Does anybody know what fork the 2010 4500 comes with?

or did I miss it somewhere?


----------



## DarkKnight369 (Jul 22, 2009)

It didn't say, but I am guessing it is the same as the current 4500.


----------



## anavrinIV (Nov 16, 2008)

specialized makes a 23" frame for their rockhopper 29ers with a 26" top tube. might be something to check out.


----------



## DarkKnight369 (Jul 22, 2009)

I am aware of that. I hope Gary fisher starts putting out more 23" models. I have always been a Trek fan, and I really like some of the fisher models. I have always disliked specialized for whatever reason. Nothing to do with riding, since I have not ridden one, just am not crazy with the design of them.


----------



## yeahdog31 (Jul 13, 2009)

Moops said:


> Does anybody know what fork the 2010 4500 comes with?
> 
> or did I miss it somewhere?


2010 comes with an SR Suntour something-or-other. A friend of mine just ordered a 4500 Disc in Gunmetal Gray from local Trek store, and they said this Suntour was actually a better fork than the Dart on last year's model. I haven't seen or ridden it yet, but I do know it's no longer shipping with the Dart.


----------



## GpzGuy (Aug 11, 2008)

mtnbiker72 said:


> Don't be so sure of yourself here...the ETT (effective top tube...the more important measurement than the seat tube length when fitting a bike)


EXACTLY!

Hey DarkKnight! I thought I explained all this on TheNewX forum  You can't really go by seat tube length when comparing 26 to 29er geometry frames. Remember that the centers of the wheels are sitting about 1 1/2 inches higher off the ground, yet they try to make 29er geometries so that anyone can ride them, not just tall clydes like us. Bottom line: effective top tube length is more important than seat tube length. You can correct for shorter seat tube length with a longer seat post, thus that dimension is somewhat adjustable.

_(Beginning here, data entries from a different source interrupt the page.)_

Definition card_le (A B : Type) : Prop :=
  exists f : A -> B, forall a1 a2, f a1 = f a2 -> a1 = a2.
Definition card_eq (A B : Type) : Prop :=
  exists (f : A -> B) (g : B -> A), (forall a, g (f a) = a) /\ (forall b, f (g b) = b).

Definition sub {X : Type} (A : X -> Prop) : Type := { x : X | A x }.
Definition incl {X : Type} (A B : X -> Prop) : Prop := forall x, A x -> B x.

Definition min_card {X : Type} (P : (X -> Prop) -> Prop) (A : X -> Prop) : Prop :=
  P A /\ forall B, P B -> card_le (sub A) (sub B).

Definition strict_well_order {T : Type} (lt : T -> T -> Prop) : Prop :=
  (forall x, ~ lt x x) /\
  (forall x y z, lt x y -> lt y z -> lt x z) /\
  (forall x y, lt x y \/ x = y \/ lt y x) /\
  well_founded lt.

Definition countable (A : Type) : Prop := card_le A nat.

(* lt is a well-order of T of the order type of the initial ordinal |T|
   (von Neumann cardinal): every proper initial segment has cardinality < |T| *)
Definition initial_order {T : Type} (lt : T -> T -> Prop) : Prop :=
  strict_well_order lt /\
  forall k : T, ~ card_le T { j : T | lt j k }.

(* The cardinal |T| has uncountable cofinality: no countable ordinal
   (countable well-ordered set) admits a strictly increasing cofinal map into |T|. *)
Definition uncountable_cofinality (T : Type) : Prop :=
  exists lt : T -> T -> Prop, initial_order lt /\
    forall (A : Type) (ltA : A -> A -> Prop) (f : A -> T),
      strict_well_order ltA -> countable A ->
      (forall a b, ltA a b -> lt (f a) (f b)) ->
      ~ (forall k : T, exists a, k = f a \/ lt k (f a)).

Definition is_metric {X : Type} (d : X -> X -> R) : Prop :=
  (forall x y, 0 <= d x y) /\
  (forall x y, d x y = 0 <-> x = y) /\
  (forall x y, d x y = d y x) /\
  (forall x y z, d x z <= d x y + d y z).

(* tau : the open sets of the topology on X *)
Definition induces {X : Type} (d : X -> X -> R) (tau : (X -> Prop) -> Prop) : Prop :=
  forall U, tau U <-> (forall x, U x -> exists r, 0 < r /\ forall y, d x y < r -> U y).

Definition metrizable {X : Type} (tau : (X -> Prop) -> Prop) : Prop :=
  exists d, is_metric d /\ induces d tau.

(* S is a dense subset of W (w.r.t. the subspace topology of W) *)
Definition dense_in {X : Type} (tau : (X -> Prop) -> Prop) (W S : X -> Prop) : Prop :=
  incl S W /\
  forall U, tau U -> forall w, W w -> U w -> exists s, S s /\ U s.

(* closed ball B(c,r) = {x | d(x,c) <= r} *)
Definition is_net {X : Type} (d : X -> X -> R) (eps : R) (W C : X -> Prop) : Prop :=
  forall w, W w -> exists c, C c /\ d w c <= eps.

Definition net_in {X : Type} (d : X -> X -> R) (eps : R) (A W : X -> Prop)
  (C : X -> Prop) : Prop := incl C A /\ is_net d eps W C.

Definition distinguishable {X : Type} (d : X -> X -> R) (eps : R) (A : X -> Prop) : Prop :=
  forall x y, A x -> A y -> x <> y -> eps < d x y.

Definition maximal_distinguishable {X : Type} (d : X -> X -> R) (eps : R)
  (W A : X -> Prop) : Prop :=
  incl A W /\ distinguishable d eps A /\
  forall B, incl B W -> distinguishable d eps B -> incl A B -> incl B A.

(* K has cardinality M^*_eps(W): the least cardinal >= card(A) for all
   eps-distinguishable A ⊆ W *)
Definition is_Mstar {X : Type} (d : X -> X -> R) (eps : R) (W : X -> Prop) (K : Type) : Prop :=
  (forall A, incl A W -> distinguishable d eps A -> card_le (sub A) K) /\
  (forall T : Type,
     (forall A, incl A W -> distinguishable d eps A -> card_le (sub A) T) ->
     card_le K T).

(* Nhat^A_eps(W) w.r.t. d has cardinality |C| *)
Definition is_NhatA {X : Type} (d : X -> X -> R) (eps : R) (A W C : X -> Prop) : Prop :=
  min_card (net_in d eps A W) C.

(* Mhat_eps(W) w.r.t. d has cardinality |A| *)
Definition is_Mhat {X : Type} (d : X -> X -> R) (eps : R) (W A : X -> Prop) : Prop :=
  min_card (maximal_distinguishable d eps W) A.

From Pilot Require Import Defs.
From Stdlib Require Import Reals List Classical ClassicalEpsilon ProofIrrelevance
  FunctionalExtensionality Wf_nat Inverse_Image Cantor Lia Lra.
Open Scope R_scope.

(** Let [S] be a dense subset of [W] of minimal cardinality [κ = den W], where
    [κ] has uncountable cofinality.  We show that all four capacities equal [κ].
    - For one compatible metric, some [e0 > 0] makes every [e0]-net of [W] have
      cardinality [≥ κ] ([net_lower_bound]).  Otherwise there are nets [C_n] of
      radius [1/(n+1)] with [|C_n| < κ]; replacing each centre by the least
      nearby point of [S] (in an initial well-order of [S]) yields [Y_n ⊆ S]
      with [|Y_n| ≤ |C_n|] and [⋃ Y_n] dense, yet a countable union of sets of
      size [< κ] has size [< κ] ([small_countable_union]).
    - As [D] is finite, one threshold works for all metrics ([common_threshold]).
    - Below that threshold: [S] is an [eps]-net; [eps]-distinguishable subsets of
      [W] inject into [S]; maximal ones are [eps]-nets; a greedy transfinite
      selection along [S] gives an [eps]-distinguishable [2 eps]-net.  With
      Cantor–Schröder–Bernstein each capacity is [κ] ([capacities_card_eq]). *)

Lemma card_le_refl (A : Type) : card_le A A.
Proof. exists (fun a => a); auto. Qed.

Lemma card_le_trans (A B C : Type) : card_le A B -> card_le B C -> card_le A C.
Proof.
  intros [f Hf] [g Hg]. exists (fun a => g (f a)). intros a1 a2 H; apply Hf, Hg, H.
Qed.

Lemma card_eq_sym (A B : Type) : card_eq A B -> card_eq B A.
Proof. intros (f & g & H1 & H2). exists g, f; auto. Qed.

Lemma card_eq_trans (A B C : Type) : card_eq A B -> card_eq B C -> card_eq A C.
Proof.
  intros (f & g & H1 & H2) (f' & g' & H1' & H2').
  exists (fun a => f' (f a)), (fun c => g (g' c)). split; intros.
  - rewrite H1'. apply H1.
  - rewrite H2. apply H2'.
Qed.

Lemma card_eq_through (A B C : Type) : card_eq A C -> card_eq B C -> card_eq A B.
Proof. intros HA HB. exact (card_eq_trans _ _ _ HA (card_eq_sym _ _ HB)). Qed.

Lemma sub_eq (A : Type) (P : A -> Prop) (a b : sig P) : proj1_sig a = proj1_sig b -> a = b.
Proof. destruct a, b; simpl; intros; subst; f_equal; apply proof_irrelevance. Qed.

Lemma dep_choice (A : Type) (C : A -> Type) (P : forall a, C a -> Prop) :
  (forall a, exists c, P a c) -> exists h : forall a, C a, forall a, P a (h a).
Proof.
  intros H. exists (fun a => proj1_sig (constructive_indefinite_description _ (H a))).
  intros a. exact (proj2_sig (constructive_indefinite_description _ (H a))).
Qed.

(** Given injections [f : A -> B] and [g : B -> A],
    the chain set [csb_chain] is the part of [A] reached from [g (B \ f A)] by
    iterating [g ∘ f]; the bijection is [g⁻¹] on the chain and [f] off it. *)
Section SchroederBernstein.
Variables (A B : Type) (f : A -> B) (g : B -> A).
Hypothesis (Hf : forall a1 a2, f a1 = f a2 -> a1 = a2)
           (Hg : forall b1 b2, g b1 = g b2 -> b1 = b2).

Inductive csb_chain : A -> Prop :=
| chain_start : forall b, (forall a, f a <> b) -> csb_chain (g b)
| chain_step : forall a, csb_chain a -> csb_chain (g (f a)).

Lemma chain_in_range a : csb_chain a -> exists b, g b = a.
Proof. intros []; eauto. Qed.

Lemma off_chain_in_range b : ~ csb_chain (g b) -> exists a, f a = b.
Proof.
  intros H. apply NNPP; intro H'. apply H. apply chain_start.
  intros a E; apply H'; eauto.
Qed.

Lemma off_chain_step a : ~ csb_chain a -> ~ csb_chain (g (f a)).
Proof.
  intros H H'. inversion H' as [b Hb E | a' Ha' E].
  - apply Hg in E. apply (Hb a); auto.
  - apply Hg, Hf in E. subst. auto.
Qed.

Definition csb_fwd (a : A) : B :=
  match excluded_middle_informative (csb_chain a) with
  | left H => proj1_sig (constructive_indefinite_description _ (chain_in_range a H))
  | right _ => f a
  end.

Definition csb_bwd (b : B) : A :=
  match excluded_middle_informative (csb_chain (g b)) with
  | left _ => g b
  | right H => proj1_sig (constructive_indefinite_description _ (off_chain_in_range b H))
  end.

Lemma csb_bwd_fwd a : csb_bwd (csb_fwd a) = a.
Proof.
  unfold csb_fwd. destruct (excluded_middle_informative (csb_chain a)) as [H|H].
  - destruct (constructive_indefinite_description _ _) as [b Hb]; simpl.
    unfold csb_bwd. destruct (excluded_middle_informative (csb_chain (g b))) as [H1|H1]; auto.
    exfalso; apply H1; rewrite Hb; auto.
  - unfold csb_bwd. destruct (excluded_middle_informative (csb_chain (g (f a)))) as [H1|H1].
    + exfalso; exact (off_chain_step a H H1).
    + destruct (constructive_indefinite_description _ _) as [a' Ha']; simpl. auto.
Qed.

Lemma csb_fwd_bwd b : csb_fwd (csb_bwd b) = b.
Proof.
  unfold csb_bwd. destruct (excluded_middle_informative (csb_chain (g b))) as [H|H].
  - unfold csb_fwd.
    destruct (excluded_middle_informative (csb_chain (g b))) as [H1|H1]; [|contradiction].
    destruct (constructive_indefinite_description _ _) as [b' Hb']; simpl. auto.
  - destruct (constructive_indefinite_description _ _) as [a Ha]; simpl.
    unfold csb_fwd. destruct (excluded_middle_informative (csb_chain a)) as [H1|H1]; auto.
    exfalso. apply H. rewrite <- Ha. apply chain_step; auto.
Qed.
End SchroederBernstein.

Lemma schroeder_bernstein (A B : Type) : card_le A B -> card_le B A -> card_eq A B.
Proof.
  intros [f Hf] [g Hg]. exists (csb_fwd A B f g), (csb_bwd A B f g).
  split; intros; [apply csb_bwd_fwd | apply csb_fwd_bwd]; auto.
Qed.

Section StrictWellOrder.
Variables (U : Type) (lt : U -> U -> Prop).
Hypothesis Hwo : strict_well_order lt.

Lemma swo_irrefl x : ~ lt x x.
Proof. destruct Hwo as (H&_); auto. Qed.
Lemma swo_trans x y z : lt x y -> lt y z -> lt x z.
Proof. destruct Hwo as (_&H&_); eauto. Qed.
Lemma swo_total x y : lt x y \/ x = y \/ lt y x.
Proof. destruct Hwo as (_&_&H&_); auto. Qed.
Lemma swo_wf : well_founded lt.
Proof. destruct Hwo as (_&_&_&H); auto. Qed.
End StrictWellOrder.

Lemma wf_least (U : Type) (lt : U -> U -> Prop) : well_founded lt ->
  forall P : U -> Prop, (exists x, P x) -> exists x, P x /\ forall y, P y -> ~ lt y x.
Proof.
  intros Hwf P [x Hx]. induction x as [x IH] using (well_founded_ind Hwf).
  destruct (classic (exists y, P y /\ lt y x)) as [[y [Hy Hyx]]|H].
  - exact (IH y Hyx Hy).
  - exists x; split; auto. intros y Hy Hl; apply H; eauto.
Qed.

Lemma swo_sub (U : Type) (lt : U -> U -> Prop) (P : U -> Prop) :
  strict_well_order lt -> strict_well_order (fun a b : sub P => lt (proj1_sig a) (proj1_sig b)).
Proof.
  intros (H1&H2&H3&H4). split; [|split; [|split]].
  - intros x; apply H1.
  - intros x y z; apply H2.
  - intros x y. destruct (H3 (proj1_sig x) (proj1_sig y)) as [?|[?|?]]; auto.
    right; left; apply sub_eq; auto.
  - apply (wf_inverse_image _ _ lt (@proj1_sig U P)); auto.
Qed.

Lemma swo_nat : strict_well_order Peano.lt.
Proof. split; [|split; [|split]]; try (intros; lia). apply lt_wf. Qed.
(** Collapsing a subset [Y] of a well-ordered set [U] onto an initial segment:
    [collapse y] is the least element of [U] not already used by the elements of
    [Y] below [y].  It is strictly increasing, its image is downward closed, so a
    subset that is not equipotent to [U] is mapped below some bound [k]. *)
Section Collapse.
Variables (U : Type) (lt : U -> U -> Prop).
Hypothesis Hwo : strict_well_order lt.
Variable Y : U -> Prop.

Let ltY (a b : sub Y) : Prop := lt (proj1_sig a) (proj1_sig b).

But also, as I thought I told you before, what you really need to do is go ride those bikes to see for yourself.

And yep, mtnbiker72 is right that you can save money with Bikes Direct, but you better feel comfortable turning your own wrenches on your bike.

Regarding this Trek: Not bad, but If it doesn't have an air shock, i.e. Reba Race or Tora, you're not going to be able to get enough pre-load for your weight.


----------



## Moops (May 24, 2009)

yeahdog31 said:


> 2010 comes with an SR Suntour something-or-other. A friend of mine just ordered a 4500 Disc in Gunmetal Gray from local Trek store, and they said this Suntour was actually a better fork than the Dart on last year's model. I haven't seen or ridden it yet, but I do know it's no longer shipping with the Dart.


Cool, thanks.


----------



## anavrinIV (Nov 16, 2008)

petty dislike aside, it's probably a better bike for you than a 26er, and higher quality than a 4500. whatever though, it's your bike.


----------



## DarkKnight369 (Jul 22, 2009)

Hard to ride the bikes when no one has them in my size. Was trying to get a feel and narrow down what I want to look at before I hunt down a store that has it.


----------



## GpzGuy (Aug 11, 2008)

DarkKnight369 said:


> Hard to ride the bikes when no one has them in my size. Was trying to get a feel and narrow down what I want to look at before I hunt down a store that has it.


Have them order it. Most stores understand that you'll want to have the bike in hand, sit on it and take it for a spin and so on before you commit to buy. Just because they order it doesn't obligate you to buy it, unless it is something so special they wouldn't be able to sell it, and an XL 29er isn't... if they insist on $$$ down, I'd walk and find a different bike store.


----------



## Redbull77 (Mar 1, 2010)

What do you guys think of this bike for a beginner trail rider?

I am thinking about ordering one this weekend


----------



## Yeti2424 (Feb 27, 2009)

My brother has this bike and loves it. I have the 2009 model and envy his disc brakes....


----------



## Teknowguy (Mar 25, 2010)

I bought a 2009 4500 about a month and a half ago. I'm 6'7" 350lbs. and it's held up great for me, although my first venture into the woods with it produced four broken spokes. But I'm certain that's due more to the rider than the quality of the bike.


----------



## Nubster (May 15, 2009)

Nah...bikes at this level while they are good bikes and a good value, have some parts that aren't as up to the task as they could be. Of course this is done to save some costs and usually one place it seems bike companies skimp out on is the wheels since they tend to be one of the more expensive components next to the fork. That and many bikes are designed assuming that the riders are going to be pencil necked 180 pound little folk...not us husky types so components are usually not going to hold up to our abuse on lesser priced bikes.


----------